When gas is injected from the outset [Curve (b)], instead of after 2 years of primary oil production, the peak oil production rates occur approximately 480 days (ie 1.3 years) earlier, which is beneficial regarding the value of money [compare curve (b) and curve(c)]. Nevertheless, the delayed start to gas injection has only a modest effect on the Oil Recovery factor, since after eleven years, as seen from FIG. 10 and Table 2, the difference in oil recovery factor (% OOIP) is relatively minor, namely only 1.5% [i.e. 40.7% for curve (b) as compared with 39.2% for curve (c) ].

Significantly, as seen from FIG. 10 and Table 2 above, using the fluid drive oil recovery process of the present invention , in either the first embodiment using immediate gas injection in the injection well fissures and production from the production well fissures (namely curve (b) of FIG. 8), or the second embodiment utilizing initial production from all fissures for a period of two years subsequently followed by injection from the injection well and production from the production well [i.e. curve (c) of FIG. 8] after 11 years, each provide a high oil recovery factor of approximately 40%.

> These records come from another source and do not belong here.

Lemma meet_pseudocompl c : c `&` pseudocompl sup c = \bot.
Proof. by apply: le_anti; rewrite le0x andbT; apply: meet_sup_le => s ->. Qed.

Definition lattice_ideal (I : L -> Prop) : Prop :=
  I \bot /\ (forall a b, I b -> a <= b -> I a) /\ (forall a b, I a -> I b -> I (a `|` b)).

Lemma lattice_filter_ge a : lattice_filter (fun c => a <= c).
Proof. by split; [apply: lex1|split=> c d; [apply: le_trans|move=> ac ad; rewrite lexI ac ad]]. Qed.

Lemma lattice_ideal_le b : lattice_ideal (fun c => c <= b).
Proof.
split; [apply: le0x|split=> c d; [by move=> db cd; apply: le_trans db|]].
by move=> cb db; rewrite leUx cb db.
Qed.

Definition filter_gen (G : L -> Prop) (c : L) : Prop :=
  exists2 t, (forall b, List.In b t -> G b) & meet_seq t <= c.

Definition ideal_gen (G : L -> Prop) (c : L) : Prop :=
  exists2 t, (forall b, List.In b t -> G b) & c <= join_seq t.

Lemma meet_seq_cat t1 t2 : meet_seq (t1 ++ t2) = meet_seq t1 `&` meet_seq t2.
Proof. by elim: t1 => [|b t1 IH] /=; rewrite ?meet1x // IH meetA. Qed.

Lemma join_seq_cat t1 t2 : join_seq (t1 ++ t2) = join_seq t1 `|` join_seq t2.
Proof. by elim: t1 => [|b t1 IH] /=; rewrite ?join0x // IH joinA. Qed.

Lemma lattice_filter_gen G : lattice_filter (filter_gen G).
Proof.
split; first by exists [::].
split=> [c d [t tG tc] cd|c d [t1 t1G t1c] [t2 t2G t2d]].
  by exists t => //; apply: le_trans cd.
by exists (t1 ++ t2) => [b /List.in_app_iff [/t1G|/t2G]|]; rewrite ?meet_seq_cat ?leI2.
Qed.

Lemma lattice_ideal_gen G : lattice_ideal (ideal_gen G).
Proof.
split; first by exists [::].
split=> [c d [t tG dt] cd|c d [t1 t1G ct1] [t2 t2G dt2]].
  by exists t => //; apply: le_trans dt.
by exists (t1 ++ t2) => [b /List.in_app_iff [/t1G|/t2G]|]; rewrite ?join_seq_cat ?leU2.
Qed.

Section Points.
Local Notation X := (XL L).
Implicit Types (x y z : X).
Lemma hs_sum_mulr Y : \sum_(j < n) hs (Y *m A j) (Y *m A j) = hs Y Y.
Proof.
rewrite /hs -(mulmx1 (adj Y *m Y)) -AAr mulmx_sumr raddf_sum /=.
apply: eq_bigr => j _; rewrite adjM -!mulmxA mxtrace_mulC -!mulmxA.
by rewrite mxtrace_mulC !mulmxA.
Qed.

(* With Y := D X, bounding each term of <Y, D X> + <D X, Y> by hs_cross_le
   gives 2 |D X|^2 <= |X|^2 + |D X|^2. *)
Lemma hs_Dmap_le X : hs (Dmap A X) (Dmap A X) <= hs X X.
Proof.
set Y := Dmap A X.
have YY : hs Y Y = \sum_(j < n) hs (Y *m A j) (A j *m X) by rewrite hs_Dmapr.
have YYC : hs Y Y = \sum_(j < n) hs (A j *m X) (Y *m A j).
  rewrite -hs_real {1}/Y hs_Dmapr rmorph_sum; apply: eq_bigr => j _.
  by rewrite [RHS]hsC.
rewrite -(lerD2l (hs Y Y)) {1}YY {1}YYC -big_split /=.
rewrite -(hs_sum_mull X) -(hs_sum_mulr Y) addrC -big_split /=.
by apply: ler_sum => j _; rewrite addrC; exact: hs_cross_le.
Qed.

Lemma Lmap_eigen_unimodular (l : C) X : 0 < p -> 0 < q ->
  Lmap U A p q X = l *: X -> `|l| = 1 -> Dmap A X = l *: X.
Proof.
move=> p0 q0 LX l1.
have hs_lX : hs (l *: X) (l *: X) = hs X X.
  by rewrite hsZl hsZr mulrA -normCKC l1 expr1n mul1r.
apply: (hs_sphere_convex_eq p0 q0 pq (Y := Cmap U X)); first by rewrite -LX.
  by rewrite hs_lX hs_Cmap.
by rewrite hs_lX hs_Dmap_le.
Qed.

End Channels.

Theorem mainTheorem5 (C : numClosedFieldType) (N n : nat) (U : 'M[C]_N)
  (A : 'I_n -> 'M[C]_N) (p q : C) :
  U *m adj U = 1%:M -> adj U *m U = 1%:M ->
  \sum_(j < n) adj (A j) *m A j = 1%:M ->
  \sum_(j < n) A j *m adj (A j) = 1%:M ->
  0 < p < 1 -> 0 < q < 1 -> p + q = 1 ->
  (forall l : C, is_eigenvalue (Dmap A) l -> `|l| = 1 -> l = 1) ->
  (forall l : C, is_eigenvalue (Lmap U A p q) l -> `|l| = 1 -> l = 1) /\
  (is_eigenvalue (Dmap A) 1 -> alg_mult (Dmap A) 1 = 1%N ->
     is_eigenvalue (Lmap U A p q) 1 /\ alg_mult (Lmap U A p q) 1 = 1%N).
Proof.
move=> UUr UU AA AAr /andP[p0 _] /andP[q0 _] pq D_peripheral.
have L_eigen_D := Lmap_eigen_unimodular UU AA AAr pq p0 q0.
split=> [l [X X0 LX] l1 | [X X0 _] D_simple].
  by apply: (D_peripheral _ _ l1); exists X => //; apply: L_eigen_D LX l1.
have N_gt0 : (0 < N)%N.
  by move: X X0; case: (posnP N) => // ->; move=> X; rewrite flatmx0 eqxx.
split.
  exists 1%:M; last by rewrite (Lmap1 UUr AAr pq) scale1r.
  apply: contraTneq N_gt0 => /(congr1 mxtrace); rewrite mxtrace1 mxtrace0.
  by move/eqP; rewrite pnatr_eq0 => /eqP ->.
have D_fix0 := (alg_mult1P N_gt0 (Dmap1 AAr) (mxtrace_Dmap AA)).1 D_simple.
apply/(alg_mult1P N_gt0 (Lmap1 UUr AAr pq) (mxtrace_Lmap UU AA pq)) => Y LY trY.
apply: (D_fix0 _ _ trY); rewrite -[RHS]scale1r.
by apply: L_eigen_D; rewrite ?scale1r ?normr1.
Qed.
Lemma all_bilin (Q : pred (term G')) (f : term G -> term G -> lc k G') (c d : lc k G) :
  all (fun p => all (fun q => all (fun u => Q u.2) (f p.2 q.2)) d) c ->
  all (fun u => Q u.2) (lc_bilin f c d).
Proof.
elim: c => // p c IHc /= /andP[p_d c_d].
rewrite /lc_bilin allpairs_cons flatten_cat all_cat all_flatten all_map.
by rewrite -/(lc_bilin f c d) IHc // andbT; apply: sub_all p_d => q /=; rewrite /lc_scale all_map.
Qed.

End BilinearForms.

Definition lc_node (k : fieldType) (G : eqType) (g : G) (c d : lc k G) : lc k G :=
  lc_bilin (fun a b => lc_mono (Node g a b)) c d.

Fixpoint tlsubst (k : fieldType) (G : eqType) (S : nat -> lc k G) (t : term G) : lc k G :=
  match t with Var i => S i | Node g a b => lc_node g (tlsubst S a) (tlsubst S b) end.

Definition lsubst (k : fieldType) (G : eqType) (S : nat -> lc k G) (c : lc k G) : lc k G :=
  lc_bind (tlsubst S) c.

Section Grafting.
Variables (k : fieldType) (G : eqType).
Implicit Types (c d : lc k G) (h : term G -> k) (S : nat -> lc k G) (R : lc k G -> Prop).

Lemma lc_eval_node h g c d :
  lc_eval h (lc_node g c d) = lc_eval (fun a => lc_eval (fun b => h (Node g a b)) d) c.
Proof.
rewrite lc_eval_bilin; apply: eq_lc_eval => a; apply: eq_lc_eval => b.
exact: lc_eval_mono.
Qed.

Lemma lc_eval_node_subl h g c1 c2 d :
  lc_eval h (lc_node g (lc_sub c1 c2) d) =
  lc_eval h (lc_node g c1 d) - lc_eval h (lc_node g c2 d).
Proof. by rewrite !lc_eval_node lc_eval_sub. Qed.

Lemma lc_eval_node_subr h g c d1 d2 :
  lc_eval h (lc_node g c (lc_sub d1 d2)) =
  lc_eval h (lc_node g c d1) - lc_eval h (lc_node g c d2).
Proof. by rewrite !lc_eval_node !(lc_eval_exchange _ c) lc_eval_sub. Qed.

Lemma lc_eval_node_nodel h g g' c d e :
  lc_eval h (lc_node g (lc_node g' c d) e) =
  lc_eval (fun a => lc_eval (fun b => lc_eval (fun u => h (Node g (Node g' a b) u)) e) d) c.
Proof. by rewrite !lc_eval_node. Qed.

Lemma lc_eval_node_noder h g g' c d e :
  lc_eval h (lc_node g c (lc_node g' d e)) =
  lc_eval (fun a => lc_eval (fun b => lc_eval (fun u => h (Node g a (Node g' b u))) e) d) c.
Proof. by rewrite lc_eval_node; apply: eq_lc_eval => a; rewrite lc_eval_node. Qed.

Lemma lc_node_eqv g c c' d d' : lc_eqv c c' -> lc_eqv d d' ->
  lc_eqv (lc_node g c d) (lc_node g c' d').
Proof.
move=> /lc_eqvP cc' /lc_eqvP dd'; apply/lc_eqvP => h; rewrite !lc_eval_node cc'.
by apply: eq_lc_eval => a; rewrite dd'.
Qed.

Lemma tideal_nodel R g c d : tideal R c -> tideal R (lc_node g c d).
Proof.
move=> Rc; apply: (@ti_eqv _ _ _ (flatten [seq lc_scale q.1 (lc_nodel g c q.2) | q <- d])).
  apply/lc_eqvP => h; rewrite lc_eval_flatten big_map lc_eval_node lc_eval_exchange.
  apply: eq_bigr => q _.
  by rewrite lc_eval_scale (lc_eval_map _ (fun a => Node g a q.2)).
by apply: tideal_flatten => q; apply/ti_scale/ti_nodel.
Qed.

Lemma tideal_noder R g c d : tideal R d -> tideal R (lc_node g c d).
Proof.
move=> Rd; apply: (@ti_eqv _ _ _ (flatten [seq lc_scale q.1 (lc_noder g q.2 d) | q <- c])).
  apply/lc_eqvP => h; rewrite lc_eval_flatten big_map lc_eval_node.
  apply: eq_bigr => q _.
  by rewrite lc_eval_scale (lc_eval_map _ (fun b => Node g q.2 b)).
by apply: tideal_flatten => q; apply/ti_scale/ti_noder.
Qed.

Lemma lc_eval_lsubst h S c : lc_eval h (lsubst S c) = lc_eval (fun t => lc_eval h (tlsubst S t)) c.
Proof. exact: lc_eval_bind. Qed.

Lemma tlsubst_tsubst S (s : nat -> term G) t :
  tlsubst S (tsubst s t) = tlsubst (fun i => tlsubst S (s i)) t.
Proof. by elim: t => [i|g a IHa b IHb] //=; rewrite IHa IHb. Qed.

Lemma lsubst_subst S (s : nat -> term G) c :
  lsubst S (lc_subst s c) = lsubst (fun i => tlsubst S (s i)) c.
Proof.
rewrite /lsubst /lc_bind /lc_subst -map_comp; congr flatten; apply: eq_map => p /=.
by rewrite tlsubst_tsubst.
Qed.

Lemma lsubst_cat S c d : lsubst S (c ++ d) = lsubst S c ++ lsubst S d.
Proof. by rewrite /lsubst /lc_bind map_cat flatten_cat. Qed.

Lemma lsubst_scale S a c : lc_eqv (lsubst S (lc_scale a c)) (lc_scale a (lsubst S c)).
Proof. by apply/lc_eqvP => h; rewrite lc_eval_scale !lc_eval_lsubst lc_eval_scale. Qed.

Lemma lc_eval_lsubst_sub h S c d :
  lc_eval h (lsubst S (lc_sub c d)) = lc_eval h (lsubst S c) - lc_eval h (lsubst S d).
Proof.
by rewrite lsubst_cat lc_eval_cat (lc_eval_eqv _ (lsubst_scale _ _ _)) lc_eval_scale mulN1r.
Qed.
(* Let $T,S\in\mathcal{B}_A(\mathcal{H})$ be $A$-selfadjoint (i.e. $AT$ and $AS$ are selfadjoint). Then $$\omega_A(T+S)\le\sqrt{\omega_A^2(T+iS)+\omega_A(ST)+\|T\|_A\|S\|_A}\le\omega_A(T)+\omega_A(S).$$
   Context: $\mathcal{H}$ is a complex Hilbert space with inner product $\langle\cdot,\cdot\rangle$, and $A$ is a fixed nonzero positive bounded operator on $\mathcal{H}$. Set $\langle x,y\rangle_A=\langle Ax,y\rangle$ and $\|x\|_A=\|A^{1/2}x\|$. $\mathcal{B}_A(\mathcal{H})$ is the set of bounded operators $T$ for which there exists a bounded $S$ with $\langle Tx,y\rangle_A=\langle x,Sy\rangle_A$ for all $x,y$. For an operator $T$ with $\|Tx\|_A\le\lambda\|x\|_A$ for some $\lambda>0$ and all $x$, $\|T\|_A=\sup\{\|Tx\|_A: \|x\|_A=1\}$, and $\omega_A(T)=\sup\{|\langle Tx,x\rangle_A|:\|x\|_A=1\}$. *)

From HB Require Import structures.
From mathcomp Require Import all_boot all_order all_algebra.
From mathcomp Require Import complex.
From mathcomp Require Import boolp classical_sets reals.
Set Implicit Arguments.
Unset Strict Implicit.
Unset Printing Implicit Defensive.
Import Order.TTheory GRing.Theory Num.Theory.
Local Open Scope ring_scope.
Local Open Scope classical_set_scope.

Section Hilbert.
Variables (R : realType) (V : lmodType R[i]) (ip : V -> V -> R[i]).

Definition vnorm (x : V) : R := Num.sqrt (complex.Re (ip x x)).

Definition is_hilbert : Prop :=
  [/\ (forall (a : R[i]) (x y z : V), ip (a *: x + y) z = a * ip x z + ip y z),
      (forall x y : V, ip y x = conjc (ip x y)),
      (forall x : V, 0 <= ip x x),
      (forall x : V, ip x x = 0 -> x = 0)
    & (forall u : nat -> V,
        (forall e : R, 0 < e -> exists N : nat, forall m n : nat,
            (N <= m)%N -> (N <= n)%N -> vnorm (u m - u n) < e) ->
        exists l : V, forall e : R, 0 < e -> exists N : nat, forall n : nat,
            (N <= n)%N -> vnorm (u n - l) < e)].
Lemma is_derive_omega (a b : R -> 'rV[R]_(d + d)) (da db : 'rV[R]_(d + d)) (t : R) :
  is_derive t 1 a da -> is_derive t 1 b db ->
  is_derive t 1 (fun s => omega (a s) (b s)) (omega da (b t) + omega (a t) db).
Proof.
move=> Da Db.
pose h i s := a s ord0 (lshift d i) * b s ord0 (rshift d i)
              - a s ord0 (rshift d i) * b s ord0 (lshift d i).
have -> : (fun s => omega (a s) (b s)) = \sum_(i < d) h i.
  by apply/funext => s; rewrite fct_sumE.
have Dae j : is_derive t 1 (fun s => a s ord0 j) (da ord0 j) := is_derive_mx_entry ord0 j Da.
have Dbe j : is_derive t 1 (fun s => b s ord0 j) (db ord0 j) := is_derive_mx_entry ord0 j Db.
apply: is_derive_eq (is_derive_sum (fun i => is_deriveB (is_deriveM (Dae _) (Dbe _))
                                                     (is_deriveM (Dae _) (Dbe _)))) _.
rewrite /omega -big_split /=; apply: eq_bigr => i _.
by rewrite /GRing.scale /=; ring.
Qed.

End SymplecticForm.

Section PeriodicFunctions.
Variables (R : realType) (V : normedModType R).
Implicit Types (h : R -> V) (L : R).

Lemma periodic_derive1 h L : periodic h L -> periodic (derive1 h) L.
Proof.
move=> hL t; rewrite /derive1.
suff -> : (fun x : R => x^-1 *: (h (x + (t + L)) - h (t + L))) =
          (fun x : R => x^-1 *: (h (x + t) - h t)) by [].
by apply/funext => x; rewrite addrA !hL.
Qed.

Lemma periodic_derive1n h L k : periodic h L -> periodic (derive1n k h) L.
Proof.
move=> hL; elim: k => [|k IHk]; first by rewrite derive1n0.
by rewrite derive1nS; exact: periodic_derive1.
Qed.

Conversely, again with reference to FIG. 10, with the prior art primary production method comprising production from each of the production well and injection well, namely from all fissures created along two wells (i.e. curve (a) of FIG. 10), after 11 years such method merely produces an oil recovery factor of 13.2%.

Accordingly, in the scenario modelled, use of the present invention has been able to increase the % OOIP recovery by an amount of approximately 26% (i.e. 39.2%-13.2%).

The above disclosure represents embodiments of the invention recited in the claims. In the preceding description, for purposes of explanation, numerous details are set forth in order to provide a thorough understanding of the embodiments of the invention. However, it will be apparent that these and other specific details are not required to be specified herein in order for a person of skill in the art to practice the invention

The scope of the claims should not be limited by the preferred embodiments set forth in the foregoing examples, but should be given the broadest interpretation consistent with the description as a whole, and the claims are not to be limited to the preferred or exemplified embodiments of the invention.